PROBLEM STATEMENT: Given the material below, return only the lines starting at the line with "Lemma hull_inverse_invmon s" and ending at the line with "have y'_ran : y'", exactly as they appear.

LISTED ENTRIES:

■ ■ ■ ■

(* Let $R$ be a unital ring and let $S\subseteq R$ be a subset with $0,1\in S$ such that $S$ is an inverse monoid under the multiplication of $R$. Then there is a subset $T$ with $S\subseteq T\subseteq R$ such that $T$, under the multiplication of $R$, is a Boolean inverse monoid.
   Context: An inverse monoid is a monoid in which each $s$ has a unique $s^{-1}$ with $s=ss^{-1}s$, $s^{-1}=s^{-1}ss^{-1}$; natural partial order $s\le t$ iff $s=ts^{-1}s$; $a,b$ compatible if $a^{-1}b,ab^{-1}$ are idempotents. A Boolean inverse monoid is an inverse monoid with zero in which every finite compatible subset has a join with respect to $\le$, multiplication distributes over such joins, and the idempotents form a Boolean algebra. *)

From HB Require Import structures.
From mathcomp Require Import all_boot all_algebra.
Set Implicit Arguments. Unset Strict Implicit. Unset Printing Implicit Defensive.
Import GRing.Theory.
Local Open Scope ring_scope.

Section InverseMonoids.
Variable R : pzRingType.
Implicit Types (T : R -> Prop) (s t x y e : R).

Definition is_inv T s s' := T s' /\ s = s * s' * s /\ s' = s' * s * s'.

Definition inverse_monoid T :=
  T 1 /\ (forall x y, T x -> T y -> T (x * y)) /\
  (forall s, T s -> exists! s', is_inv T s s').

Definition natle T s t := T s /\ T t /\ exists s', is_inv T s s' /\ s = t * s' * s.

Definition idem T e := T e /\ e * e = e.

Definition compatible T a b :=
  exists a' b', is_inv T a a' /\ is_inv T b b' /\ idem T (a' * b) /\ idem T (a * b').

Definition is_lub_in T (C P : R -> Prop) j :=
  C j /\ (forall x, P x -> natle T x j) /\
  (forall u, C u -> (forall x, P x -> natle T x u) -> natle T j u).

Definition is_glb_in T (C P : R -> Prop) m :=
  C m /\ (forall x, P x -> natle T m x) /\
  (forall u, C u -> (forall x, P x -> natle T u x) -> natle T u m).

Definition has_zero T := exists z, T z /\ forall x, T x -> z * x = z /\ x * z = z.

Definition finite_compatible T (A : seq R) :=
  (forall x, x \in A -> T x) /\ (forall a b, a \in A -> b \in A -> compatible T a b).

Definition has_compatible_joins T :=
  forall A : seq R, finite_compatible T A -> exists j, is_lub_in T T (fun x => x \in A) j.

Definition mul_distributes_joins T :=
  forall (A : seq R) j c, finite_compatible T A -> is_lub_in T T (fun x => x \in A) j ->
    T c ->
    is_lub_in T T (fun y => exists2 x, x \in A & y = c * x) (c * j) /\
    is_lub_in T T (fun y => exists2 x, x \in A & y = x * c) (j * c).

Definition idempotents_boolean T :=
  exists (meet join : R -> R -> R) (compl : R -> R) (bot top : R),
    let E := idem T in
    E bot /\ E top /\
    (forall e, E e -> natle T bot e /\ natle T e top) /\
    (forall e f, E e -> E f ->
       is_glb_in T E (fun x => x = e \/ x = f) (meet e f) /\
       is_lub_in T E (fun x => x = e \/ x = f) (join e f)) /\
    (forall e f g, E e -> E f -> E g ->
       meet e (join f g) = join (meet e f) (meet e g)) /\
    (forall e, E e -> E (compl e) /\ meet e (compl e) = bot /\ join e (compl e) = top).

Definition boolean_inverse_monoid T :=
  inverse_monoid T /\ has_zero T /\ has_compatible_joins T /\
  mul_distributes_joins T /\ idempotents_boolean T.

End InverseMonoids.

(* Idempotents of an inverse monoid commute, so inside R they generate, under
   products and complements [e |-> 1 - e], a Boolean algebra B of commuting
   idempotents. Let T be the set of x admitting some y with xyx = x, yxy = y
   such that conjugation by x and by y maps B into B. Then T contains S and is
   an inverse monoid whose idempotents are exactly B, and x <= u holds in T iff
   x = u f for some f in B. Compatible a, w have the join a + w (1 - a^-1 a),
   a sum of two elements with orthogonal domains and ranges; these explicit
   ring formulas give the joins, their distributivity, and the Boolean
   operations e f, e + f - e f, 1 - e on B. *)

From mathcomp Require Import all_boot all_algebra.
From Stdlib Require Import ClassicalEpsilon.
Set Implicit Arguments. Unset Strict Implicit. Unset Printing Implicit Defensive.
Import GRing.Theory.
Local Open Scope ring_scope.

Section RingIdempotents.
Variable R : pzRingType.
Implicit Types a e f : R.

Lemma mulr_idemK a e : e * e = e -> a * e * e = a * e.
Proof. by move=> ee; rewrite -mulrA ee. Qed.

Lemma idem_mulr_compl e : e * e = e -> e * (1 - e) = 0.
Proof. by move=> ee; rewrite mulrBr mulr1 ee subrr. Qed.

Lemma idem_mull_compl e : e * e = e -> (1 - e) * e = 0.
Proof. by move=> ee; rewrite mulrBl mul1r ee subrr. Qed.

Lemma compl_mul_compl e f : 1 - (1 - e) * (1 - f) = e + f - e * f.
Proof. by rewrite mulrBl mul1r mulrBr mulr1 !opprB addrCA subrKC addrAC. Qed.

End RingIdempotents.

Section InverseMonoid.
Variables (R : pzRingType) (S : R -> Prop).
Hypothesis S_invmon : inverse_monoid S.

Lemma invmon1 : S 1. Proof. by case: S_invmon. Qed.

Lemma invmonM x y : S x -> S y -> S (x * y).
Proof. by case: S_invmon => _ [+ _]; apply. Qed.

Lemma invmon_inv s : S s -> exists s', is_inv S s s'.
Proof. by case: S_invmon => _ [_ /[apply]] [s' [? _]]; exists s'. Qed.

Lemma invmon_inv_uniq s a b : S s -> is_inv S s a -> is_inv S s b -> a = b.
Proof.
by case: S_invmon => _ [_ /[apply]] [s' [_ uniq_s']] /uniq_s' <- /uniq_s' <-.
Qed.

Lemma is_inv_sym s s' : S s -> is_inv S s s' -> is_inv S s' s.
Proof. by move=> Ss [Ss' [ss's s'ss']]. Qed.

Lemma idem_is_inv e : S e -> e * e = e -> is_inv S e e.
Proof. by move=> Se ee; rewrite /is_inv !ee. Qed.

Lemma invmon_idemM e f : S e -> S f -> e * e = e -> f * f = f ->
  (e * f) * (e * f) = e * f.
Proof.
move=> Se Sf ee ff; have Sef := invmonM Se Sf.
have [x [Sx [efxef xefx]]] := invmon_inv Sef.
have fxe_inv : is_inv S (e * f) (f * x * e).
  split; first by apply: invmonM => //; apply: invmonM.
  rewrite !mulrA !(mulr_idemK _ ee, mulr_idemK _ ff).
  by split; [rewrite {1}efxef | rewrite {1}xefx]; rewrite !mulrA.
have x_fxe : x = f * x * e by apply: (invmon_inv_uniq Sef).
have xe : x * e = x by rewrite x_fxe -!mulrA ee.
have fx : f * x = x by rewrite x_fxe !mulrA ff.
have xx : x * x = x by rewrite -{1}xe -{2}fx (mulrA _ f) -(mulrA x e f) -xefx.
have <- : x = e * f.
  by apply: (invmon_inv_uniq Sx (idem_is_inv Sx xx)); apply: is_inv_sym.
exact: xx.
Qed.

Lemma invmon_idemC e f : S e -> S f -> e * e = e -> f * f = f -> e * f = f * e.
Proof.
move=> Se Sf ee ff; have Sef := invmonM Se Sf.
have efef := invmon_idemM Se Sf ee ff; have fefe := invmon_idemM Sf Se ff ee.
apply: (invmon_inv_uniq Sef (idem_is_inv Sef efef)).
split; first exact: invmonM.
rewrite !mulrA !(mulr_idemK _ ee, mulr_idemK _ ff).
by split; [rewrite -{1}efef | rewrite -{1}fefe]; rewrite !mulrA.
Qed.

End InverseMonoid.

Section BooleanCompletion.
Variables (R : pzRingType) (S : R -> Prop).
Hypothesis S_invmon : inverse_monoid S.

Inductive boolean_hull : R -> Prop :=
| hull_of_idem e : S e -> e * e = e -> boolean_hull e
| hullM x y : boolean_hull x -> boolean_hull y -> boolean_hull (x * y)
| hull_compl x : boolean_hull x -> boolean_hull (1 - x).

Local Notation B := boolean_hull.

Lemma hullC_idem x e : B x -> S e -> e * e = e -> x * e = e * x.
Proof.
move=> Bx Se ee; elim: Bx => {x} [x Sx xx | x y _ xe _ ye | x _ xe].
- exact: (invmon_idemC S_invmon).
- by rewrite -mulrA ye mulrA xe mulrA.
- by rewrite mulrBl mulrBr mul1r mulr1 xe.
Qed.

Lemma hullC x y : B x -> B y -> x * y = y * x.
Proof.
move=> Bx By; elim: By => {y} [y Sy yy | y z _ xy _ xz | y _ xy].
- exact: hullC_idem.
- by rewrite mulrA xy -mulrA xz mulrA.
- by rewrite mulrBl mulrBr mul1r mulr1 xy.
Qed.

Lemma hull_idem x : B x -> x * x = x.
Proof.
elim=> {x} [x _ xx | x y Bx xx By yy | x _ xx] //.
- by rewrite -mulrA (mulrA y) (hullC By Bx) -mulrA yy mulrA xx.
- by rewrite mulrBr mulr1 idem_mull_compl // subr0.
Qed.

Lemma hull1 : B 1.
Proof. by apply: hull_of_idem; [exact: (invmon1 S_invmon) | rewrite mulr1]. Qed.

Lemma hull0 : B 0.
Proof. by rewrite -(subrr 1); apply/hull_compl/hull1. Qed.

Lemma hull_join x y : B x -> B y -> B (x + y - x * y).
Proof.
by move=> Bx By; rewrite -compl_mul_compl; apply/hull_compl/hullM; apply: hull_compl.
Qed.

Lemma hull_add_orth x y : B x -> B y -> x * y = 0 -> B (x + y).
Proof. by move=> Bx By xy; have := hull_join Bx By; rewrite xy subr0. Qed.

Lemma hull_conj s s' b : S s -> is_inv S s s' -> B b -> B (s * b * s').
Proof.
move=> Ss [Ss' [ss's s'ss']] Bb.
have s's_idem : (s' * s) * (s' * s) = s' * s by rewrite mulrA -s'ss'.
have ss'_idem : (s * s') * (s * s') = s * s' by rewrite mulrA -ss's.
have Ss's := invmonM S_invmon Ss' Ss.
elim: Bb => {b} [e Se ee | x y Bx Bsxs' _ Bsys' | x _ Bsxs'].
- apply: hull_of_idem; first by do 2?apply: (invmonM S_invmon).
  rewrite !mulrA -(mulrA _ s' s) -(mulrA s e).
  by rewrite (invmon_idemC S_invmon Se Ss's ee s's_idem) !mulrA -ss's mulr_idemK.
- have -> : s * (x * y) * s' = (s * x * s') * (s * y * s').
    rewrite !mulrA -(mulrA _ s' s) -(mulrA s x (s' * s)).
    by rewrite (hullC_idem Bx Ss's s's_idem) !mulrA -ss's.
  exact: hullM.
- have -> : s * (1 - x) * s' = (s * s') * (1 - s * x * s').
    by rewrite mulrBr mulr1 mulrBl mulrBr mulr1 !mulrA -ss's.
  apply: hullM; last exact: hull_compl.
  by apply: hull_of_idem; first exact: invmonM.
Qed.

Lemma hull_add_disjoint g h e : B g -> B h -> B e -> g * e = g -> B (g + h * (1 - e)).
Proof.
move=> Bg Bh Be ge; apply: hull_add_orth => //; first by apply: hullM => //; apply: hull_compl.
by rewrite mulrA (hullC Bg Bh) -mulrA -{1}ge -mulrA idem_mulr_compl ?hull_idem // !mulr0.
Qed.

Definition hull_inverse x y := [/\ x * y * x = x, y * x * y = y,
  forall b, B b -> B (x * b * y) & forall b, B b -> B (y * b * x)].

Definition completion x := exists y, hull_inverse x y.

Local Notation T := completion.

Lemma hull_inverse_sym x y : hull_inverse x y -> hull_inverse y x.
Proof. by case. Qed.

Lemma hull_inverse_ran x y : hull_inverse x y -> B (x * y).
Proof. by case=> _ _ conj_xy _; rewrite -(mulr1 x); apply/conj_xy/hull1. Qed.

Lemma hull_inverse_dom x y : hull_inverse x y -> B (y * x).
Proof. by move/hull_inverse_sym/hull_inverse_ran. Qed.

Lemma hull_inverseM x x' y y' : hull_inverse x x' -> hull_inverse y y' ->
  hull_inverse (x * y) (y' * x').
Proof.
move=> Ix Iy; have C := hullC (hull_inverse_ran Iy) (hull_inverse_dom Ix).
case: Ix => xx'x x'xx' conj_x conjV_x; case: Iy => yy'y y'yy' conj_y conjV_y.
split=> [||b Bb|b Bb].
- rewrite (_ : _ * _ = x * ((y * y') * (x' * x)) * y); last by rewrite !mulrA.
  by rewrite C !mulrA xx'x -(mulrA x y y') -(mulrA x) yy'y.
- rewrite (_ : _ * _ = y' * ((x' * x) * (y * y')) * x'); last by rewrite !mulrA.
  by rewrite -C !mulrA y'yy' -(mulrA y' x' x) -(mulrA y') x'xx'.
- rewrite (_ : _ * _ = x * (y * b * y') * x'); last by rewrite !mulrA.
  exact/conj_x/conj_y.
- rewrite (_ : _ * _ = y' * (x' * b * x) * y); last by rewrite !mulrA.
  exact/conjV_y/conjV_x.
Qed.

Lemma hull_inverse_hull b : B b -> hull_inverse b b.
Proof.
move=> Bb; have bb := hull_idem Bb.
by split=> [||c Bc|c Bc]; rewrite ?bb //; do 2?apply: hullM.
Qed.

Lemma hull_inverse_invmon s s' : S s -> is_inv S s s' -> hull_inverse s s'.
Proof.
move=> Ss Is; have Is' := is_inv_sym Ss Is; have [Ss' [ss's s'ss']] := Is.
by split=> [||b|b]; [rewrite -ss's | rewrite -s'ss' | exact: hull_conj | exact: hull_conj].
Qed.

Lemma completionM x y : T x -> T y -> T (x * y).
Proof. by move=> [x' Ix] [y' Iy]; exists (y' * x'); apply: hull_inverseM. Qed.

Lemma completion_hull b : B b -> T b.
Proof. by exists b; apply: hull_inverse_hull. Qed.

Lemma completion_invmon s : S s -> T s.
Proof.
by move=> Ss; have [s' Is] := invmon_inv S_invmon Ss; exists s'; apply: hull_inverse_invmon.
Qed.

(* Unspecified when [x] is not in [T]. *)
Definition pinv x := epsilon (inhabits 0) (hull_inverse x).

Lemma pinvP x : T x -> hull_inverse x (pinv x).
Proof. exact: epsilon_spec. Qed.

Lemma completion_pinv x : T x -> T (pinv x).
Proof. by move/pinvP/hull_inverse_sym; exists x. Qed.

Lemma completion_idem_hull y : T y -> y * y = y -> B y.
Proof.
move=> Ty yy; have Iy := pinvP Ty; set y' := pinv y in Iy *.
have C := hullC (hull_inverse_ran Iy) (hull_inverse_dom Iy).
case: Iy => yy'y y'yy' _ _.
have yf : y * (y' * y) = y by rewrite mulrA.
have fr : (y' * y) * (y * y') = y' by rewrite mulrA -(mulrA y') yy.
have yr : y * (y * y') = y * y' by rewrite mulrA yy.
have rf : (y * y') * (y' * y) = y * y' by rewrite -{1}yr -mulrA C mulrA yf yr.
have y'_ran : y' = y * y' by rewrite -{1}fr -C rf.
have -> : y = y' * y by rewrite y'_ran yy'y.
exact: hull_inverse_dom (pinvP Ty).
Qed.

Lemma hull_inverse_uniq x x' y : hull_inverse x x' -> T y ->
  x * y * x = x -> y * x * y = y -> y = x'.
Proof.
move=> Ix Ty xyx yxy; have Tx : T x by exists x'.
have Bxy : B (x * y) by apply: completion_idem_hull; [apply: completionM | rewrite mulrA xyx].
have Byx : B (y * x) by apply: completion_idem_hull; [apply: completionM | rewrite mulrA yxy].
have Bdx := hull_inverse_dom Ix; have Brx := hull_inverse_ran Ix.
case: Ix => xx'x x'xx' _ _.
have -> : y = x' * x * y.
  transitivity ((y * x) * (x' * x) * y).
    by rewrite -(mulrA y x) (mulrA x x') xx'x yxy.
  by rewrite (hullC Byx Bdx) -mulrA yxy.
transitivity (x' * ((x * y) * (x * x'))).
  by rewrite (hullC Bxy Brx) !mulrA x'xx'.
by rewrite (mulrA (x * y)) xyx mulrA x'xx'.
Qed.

■ ■ ■ ■

RESULT OF THE EXERCISE:
Lemma hull_inverse_invmon s s' : S s -> is_inv S s s' -> hull_inverse s s'.
Proof.
move=> Ss Is; have Is' := is_inv_sym Ss Is; have [Ss' [ss's s'ss']] := Is.
by split=> [||b|b]; [rewrite -ss's | rewrite -s'ss' | exact: hull_conj | exact: hull_conj].
Qed.

Lemma completionM x y : T x -> T y -> T (x * y).
Proof. by move=> [x' Ix] [y' Iy]; exists (y' * x'); apply: hull_inverseM. Qed.

Lemma completion_hull b : B b -> T b.
Proof. by exists b; apply: hull_inverse_hull. Qed.

Lemma completion_invmon s : S s -> T s.
Proof.
by move=> Ss; have [s' Is] := invmon_inv S_invmon Ss; exists s'; apply: hull_inverse_invmon.
Qed.

(* Unspecified when [x] is not in [T]. *)
Definition pinv x := epsilon (inhabits 0) (hull_inverse x).

Lemma pinvP x : T x -> hull_inverse x (pinv x).
Proof. exact: epsilon_spec. Qed.

Lemma completion_pinv x : T x -> T (pinv x).
Proof. by move/pinvP/hull_inverse_sym; exists x. Qed.

Lemma completion_idem_hull y : T y -> y * y = y -> B y.
Proof.
move=> Ty yy; have Iy := pinvP Ty; set y' := pinv y in Iy *.
have C := hullC (hull_inverse_ran Iy) (hull_inverse_dom Iy).
case: Iy => yy'y y'yy' _ _.
have yf : y * (y' * y) = y by rewrite mulrA.
have fr : (y' * y) * (y * y') = y' by rewrite mulrA -(mulrA y') yy.
have yr : y * (y * y') = y * y' by rewrite mulrA yy.
have rf : (y * y') * (y' * y) = y * y' by rewrite -{1}yr -mulrA C mulrA yf yr.
have y'_ran : y' = y * y' by rewrite -{1}fr -C rf.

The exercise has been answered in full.